MATERIAL FOR THE TASK START

Lemma C_ge0 (p j : nat) : 0 <= Binomial.C p j.
Proof.
  unfold Binomial.C. apply Rmult_le_pos; [apply pos_INR |].
  left; apply Rinv_0_lt_compat, Rmult_lt_0_compat; apply INR_fact_lt_0.
Qed.

Lemma C_succ_mul_compl (a p : nat) : (a <= p)%nat ->
  Binomial.C (S p) a * INR (S p - a) = INR (S p) * Binomial.C p a.
Proof.
  intros Hap. unfold Binomial.C.
  replace (S p - a)%nat with (S (p - a)) by lia.
  rewrite !fact_simpl, !mult_INR.
  assert (INR (S (p - a)) <> 0) by (apply not_0_INR; lia).
  pose proof (INR_fact_neq_0 a). pose proof (INR_fact_neq_0 (p - a)).
  pose proof (INR_fact_neq_0 p).
  field; auto.
Qed.

Lemma C_succ_mul_succ (a p : nat) : (a <= p)%nat ->
  Binomial.C (S p) (S a) * INR (S a) = INR (S p) * Binomial.C p a.
Proof.
  intros Hap. unfold Binomial.C. simpl (S p - S a)%nat.
  rewrite !fact_simpl, !mult_INR.
  assert (INR (S a) <> 0) by (apply not_0_INR; lia).
  pose proof (INR_fact_neq_0 a). pose proof (INR_fact_neq_0 (p - a)).
  pose proof (INR_fact_neq_0 p).
  field; auto.
Qed.

Definition bernstein (p j : nat) (q : R) : R :=
  Binomial.C p j * q ^ (p - j) * (1 - q) ^ j.

(* [bernstein_pad p k] is [bernstein p (k - 1)] padded with 0 at [k = 0] and
   [k > p + 1], so that the derivatives of the summands of [xk] telescope. *)
Definition bernstein_pad (p k : nat) (q : R) : R :=
  match k with
  | O => 0
  | S j => if (j <=? p)%nat then bernstein p j q else 0
  end.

MATERIAL FOR THE TASK END

• ABOUT THIS TASK: Retype exactly. Start at the line with "Binomial.C p j * q ^ (p - j) * (1 - q) ^ j." and stop at the last line of the data.

• REPLY TO THE EXERCISE:
  Binomial.C p j * q ^ (p - j) * (1 - q) ^ j.

(* [bernstein_pad p k] is [bernstein p (k - 1)] padded with 0 at [k = 0] and
   [k > p + 1], so that the derivatives of the summands of [xk] telescope. *)
Definition bernstein_pad (p k : nat) (q : R) : R :=
  match k with
  | O => 0
  | S j => if (j <=? p)%nat then bernstein p j q else 0
  end.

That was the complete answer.